Exercise brief: Tally the lines below that hold the string "losing", and give only the tally.

Given records:
# # # # # # #

(* The Recursive Measure satisfies the added-YES-blocker postulate. For every SVG $\mathcal{G}=(N,\mathcal{W})$ and all $i,j\in N$ with $j$ not a dummy in $\mathcal{G}$: $$\frac{RM'^+_i(\mathcal{G})}{RM'^+_j(\mathcal{G})}=\frac{RM'^+_i(\mathcal{G}^Y)}{RM'^+_j(\mathcal{G}^Y)}.$$
   Context: A simple voting game (SVG) is a pair $\mathcal{G}=(N,\mathcal{W})$ with $N$ a nonempty finite set of players and $\mathcal{W}\subseteq 2^N$ monotone, $\emptyset\notin\mathcal{W}$, $N\in\mathcal{W}$. Divisions are identified with their YES-sets. Decisiveness and success: - Player $k$ is YES-decisive in $S$ if $k\in S\in\mathcal{W}$ and $S\setminus\{k\}\notin\mathcal{W}$. - Player $k$ is NO-decisive in $S$ if $k\notin S\notin\mathcal{W}$ and $S\cup\{k\}\in\mathcal{W}$. - A dummy is never decisive. - Player $k$ is successful in $S$ if ($k\in S\in\mathcal{W}$) or ($k\notin S\notin\mathcal{W}$). Loyal children: if $S\in\mathcal{W}$, they are the sets $S\setminus\{m\}\in\mathcal{W}$ with $m\in S$. If $S\notin\mathcal{W}$, they are the sets $S\cup\{m\}\notin\mathcal{W}$ with $m\notin S$. Recursive efficacy score $\alpha_k(S)$: - $\alpha_k(S)=1$ if $k$ is decisive; - $\alpha_k(S)=0$ if $k$ is not successful; - otherwise, the average of $\alpha_k$ over the loyal children. For a game with $m$ players, the a priori RM YES-power is $RM'^+_k=2^{-m}\sum_{S\ni k}\alpha_k(S)$. For a new player $0\notin N$, $\mathcal{G}^Y=(N\cup\{0\},\{S\cup\{0\}:S\in\mathcal{W}\})$. *)

From mathcomp Require Import all_boot all_order all_algebra.
Set Implicit Arguments. Unset Strict Implicit. Unset Printing Implicit Defensive.
Import Order.TTheory GRing.Theory Num.Theory.
Local Open Scope ring_scope.

Definition is_svg (T : finType) (W : {set {set T}}) : Prop :=
  [/\ (forall S U : {set T}, S \subset U -> S \in W -> U \in W),
      set0 \notin W & [set: T] \in W].

Section Game.
Variable T : finType.
Implicit Types (W : {set {set T}}) (S : {set T}) (k : T).

Definition yes_decisive W k S : bool :=
  [&& k \in S, S \in W & S :\ k \notin W].
Definition no_decisive W k S : bool :=
  [&& k \notin S, S \notin W & S :|: [set k] \in W].
Definition decisive W k S : bool := yes_decisive W k S || no_decisive W k S.

Definition dummy W k : Prop :=
  forall S, (S :|: [set k] \in W) = (S :\ k \in W).

Definition successful W k S : bool :=
  ((k \in S) && (S \in W)) || ((k \notin S) && (S \notin W)).

Definition loyal_children W S : {set {set T}} :=
  if S \in W then [set S :\ m | m in S & S :\ m \in W]
  else [set S :|: [set m] | m in ~: S & S :|: [set m] \notin W].

(* Recursive efficacy score, computed with fuel; fuel #|T|.+1 is always
   sufficient in an SVG (winning chains shrink, losing chains grow). *)
Fixpoint alpha_fuel (n : nat) W k S : rat :=
  match n with
  | 0 => 0
  | n'.+1 =>
    if decisive W k S then 1
    else if ~~ successful W k S then 0
    else (\sum_(C in loyal_children W S) alpha_fuel n' W k C)
           / #|loyal_children W S|%:R
  end.

Definition alpha W k S : rat := alpha_fuel #|T|.+1 W k S.

Definition RMyes W k : rat :=
  (\sum_(S : {set T} | k \in S) alpha W k S) / (2 ^+ #|T|).

End Game.

(* The game G^Y with a new player 0 = None added to every winning coalition. *)
Definition addYES (T : finType) (W : {set {set T}}) : {set {set option T}} :=
  [set ((Some @: S) :|: [set None]) | S : {set T} in W].

From mathcomp Require Import all_boot all_order all_algebra.
Set Implicit Arguments. Unset Strict Implicit. Unset Printing Implicit Defensive.
Import GRing.Theory.
Local Open Scope ring_scope.

(* The coalitions of G^Y containing the blocker 0 are exactly the S + {0},
   and such a coalition is winning, decisive for k, successful for k, or a
   loyal child exactly when S is in G; so the efficacy scores of S and
   S + {0} agree.  A coalition without 0 is losing in G^Y, hence every YES
   voter in it is unsuccessful and scores 0.  Thus RM'^+ in G^Y is RM'^+ in
   G divided by 2 (twice as many divisions, same total score), and the
   common factor cancels in the ratio.  The hypotheses on G only serve, in
   the paper, to make the ratios well defined; here x / 0 = 0 on both
   sides. *)

Section Fuel.
Variable T : finType.
Implicit Types (W : {set {set T}}) (S : {set T}).

(* Each step to a loyal child shrinks a winning coalition or grows a losing
   one, so this bounds the recursion depth of alpha. *)
Definition loyal_depth W S : nat := if S \in W then #|S| else #|~: S|.

Lemma loyal_depth_children W S C :
  C \in loyal_children W S -> (loyal_depth W C < loyal_depth W S)%N.
Proof.
rewrite /loyal_children /loyal_depth; case: ifP => SW.
  case/imsetP=> m; rewrite inE => /andP[mS CW] ->.
  by rewrite CW (cardsD1 m S) mS.
case/imsetP=> m; rewrite inE => /andP[mS CW] ->.
by rewrite (negbTE CW) setCU -setDE (cardsD1 m (~: S)) mS.
Qed.

Lemma alpha_fuelS W k n S : (loyal_depth W S < n)%N ->
  alpha_fuel n.+1 W k S = alpha_fuel n W k S.
Proof.
elim: n S => [|n IH] S //= lt_depth.
case: (decisive W k S) => //; case: (~~ successful W k S) => //.
congr (_ / _); apply: eq_bigr => C childC; apply: IH.
exact: leq_trans (loyal_depth_children childC) lt_depth.
Qed.

Lemma alpha_fuel_alpha W k S : alpha_fuel #|T|.+2 W k S = alpha W k S.
Proof.
by rewrite alpha_fuelS // ltnS /loyal_depth; case: ifP => _; apply: max_card.
Qed.

End Fuel.

Section AddYesBlocker.
Variable T : finType.
Implicit Types (W : {set {set T}}) (S : {set T}) (U : {set option T}) (k : T).

Definition add_blocker S : {set option T} := (Some @: S) :|: [set None].
Definition drop_blocker U : {set T} := [set x | Some x \in U].

Lemma mem_add_blocker S x : (Some x \in add_blocker S) = (x \in S).
Proof. by rewrite !inE (mem_imset _ _ (@Some_inj _)) orbF. Qed.

Lemma blocker_in_add_blocker S : None \in add_blocker S.
Proof. by rewrite !inE eqxx orbT. Qed.

Lemma add_blockerK : cancel add_blocker drop_blocker.
Proof. by move=> S; apply/setP=> x; rewrite inE mem_add_blocker. Qed.

Lemma add_blocker_inj : injective add_blocker.
Proof. exact: can_inj add_blockerK. Qed.

Lemma drop_blockerK U : None \in U -> add_blocker (drop_blocker U) = U.
Proof.
move=> NU; apply/setP=> [[x|]]; first by rewrite mem_add_blocker inE.
by rewrite blocker_in_add_blocker NU.
Qed.

Lemma blocker_in_addYES W U : U \in addYES W -> None \in U.
Proof. by case/imsetP=> S _ ->; apply: blocker_in_add_blocker. Qed.

Lemma add_blocker_addYES W S : (add_blocker S \in addYES W) = (S \in W).
Proof. exact: (mem_imset _ _ add_blocker_inj). Qed.

Lemma add_blockerD1 S k : add_blocker S :\ Some k = add_blocker (S :\ k).
Proof.
apply/setP=> [[x|]]; rewrite in_setD1 ?blocker_in_add_blocker //.
by rewrite !mem_add_blocker (inj_eq (@Some_inj _)) in_setD1.
Qed.

Lemma add_blockerU1 S k :
  add_blocker S :|: [set Some k] = add_blocker (S :|: [set k]).
Proof.
apply/setP=> [[x|]]; rewrite in_setU in_set1 ?blocker_in_add_blocker //.
by rewrite !mem_add_blocker (inj_eq (@Some_inj _)) in_setU in_set1.
Qed.

Lemma decisive_addYES W k S :
  decisive (addYES W) (Some k) (add_blocker S) = decisive W k S.
Proof.
rewrite /decisive /yes_decisive /no_decisive mem_add_blocker.
by rewrite add_blockerD1 add_blockerU1 !add_blocker_addYES.
Qed.

Lemma successful_addYES W k S :
  successful (addYES W) (Some k) (add_blocker S) = successful W k S.
Proof. by rewrite /successful mem_add_blocker add_blocker_addYES. Qed.

Lemma loyal_children_addYES W S :
  loyal_children (addYES W) (add_blocker S) =
  add_blocker @: loyal_children W S.
Proof.
rewrite /loyal_children add_blocker_addYES.
case: ifP => SW; rewrite -imset_comp; apply/setP=> U; apply/imsetP/imsetP.
- case=> [[m|]]; rewrite in_set => /andP[mS CW] ->; last first.
    by move: (blocker_in_addYES CW); rewrite !inE eqxx.
  exists m; last by rewrite /= add_blockerD1.
  by rewrite in_set -mem_add_blocker mS -add_blocker_addYES -add_blockerD1.
- case=> m; rewrite in_set => /andP[mS CW] ->; exists (Some m) => /=.
    by rewrite in_set mem_add_blocker mS add_blockerD1 add_blocker_addYES.
  by rewrite add_blockerD1.
- case=> [[m|]]; rewrite in_set => /andP[mS CW] ->; last first.
    by move: mS; rewrite in_setC blocker_in_add_blocker.
  exists m; last by rewrite /= add_blockerU1.
  move: mS; rewrite in_set !in_setC mem_add_blocker => -> /=.
  by rewrite -add_blocker_addYES -add_blockerU1.
- case=> m; rewrite in_set => /andP[mS CW] ->; exists (Some m) => /=.
    by rewrite in_set in_setC mem_add_blocker -in_setC mS add_blockerU1 add_blocker_addYES.
  by rewrite add_blockerU1.
Qed.

Lemma alpha_fuel_addYES W k n S :
  alpha_fuel n (addYES W) (Some k) (add_blocker S) = alpha_fuel n W k S.
Proof.
elim: n S => [|n IH] S //=.
rewrite decisive_addYES successful_addYES loyal_children_addYES.
case: (decisive W k S) => //; case: (~~ successful W k S) => //.
rewrite (card_imset _ add_blocker_inj) big_imset /=; last first.
  by move=> ? ? _ _; apply: add_blocker_inj.
by congr (_ / _); apply: eq_bigr => C _; apply: IH.
Qed.

Lemma alpha_fuel_addYES_unblocked W k n U :
  Some k \in U -> None \notin U -> alpha_fuel n (addYES W) (Some k) U = 0.
Proof.
move=> kU NU; case: n => [|n] //=.
have UW : U \notin addYES W by apply: contra NU; apply: blocker_in_addYES.
by rewrite /decisive /yes_decisive /no_decisive /successful kU (negbTE UW).
Qed.

Lemma alpha_addYES W k S :
  alpha (addYES W) (Some k) (add_blocker S) = alpha W k S.
Proof. by rewrite /alpha card_option alpha_fuel_addYES alpha_fuel_alpha. Qed.

Lemma sum_alpha_addYES W k :
  \sum_(U : {set option T} | Some k \in U) alpha (addYES W) (Some k) U =
  \sum_(S : {set T} | k \in S) alpha W k S.
Proof.
rewrite (bigID (fun U : {set option T} => None \in U)) /= [X in _ + X]big1 ?addr0; last first.
  by move=> U /andP[kU NU]; apply: alpha_fuel_addYES_unblocked.
rewrite (reindex_onto add_blocker drop_blocker); last first.
  by move=> U /andP[_ NU]; apply: drop_blockerK.
apply: eq_big => [S | S _].
  by rewrite mem_add_blocker blocker_in_add_blocker add_blockerK eqxx !andbT.
exact: alpha_addYES.
Qed.

Lemma RMyes_addYES W k : RMyes (addYES W) (Some k) = RMyes W k / 2.
Proof.
by rewrite /RMyes sum_alpha_addYES card_option exprS invfM mulrA mulrAC.
Qed.

End AddYesBlocker.

Theorem lemma3 (T : finType) (W : {set {set T}}) (i j : T) :
  is_svg W -> ~ dummy W j ->
  RMyes W i / RMyes W j = RMyes (addYES W) (Some i) / RMyes (addYES W) (Some j).
Proof.
by move=> _ _; rewrite !RMyes_addYES [in RHS]invf_div [in RHS]mulrA divfK.
Qed.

# # # # # # #

Answer section: 3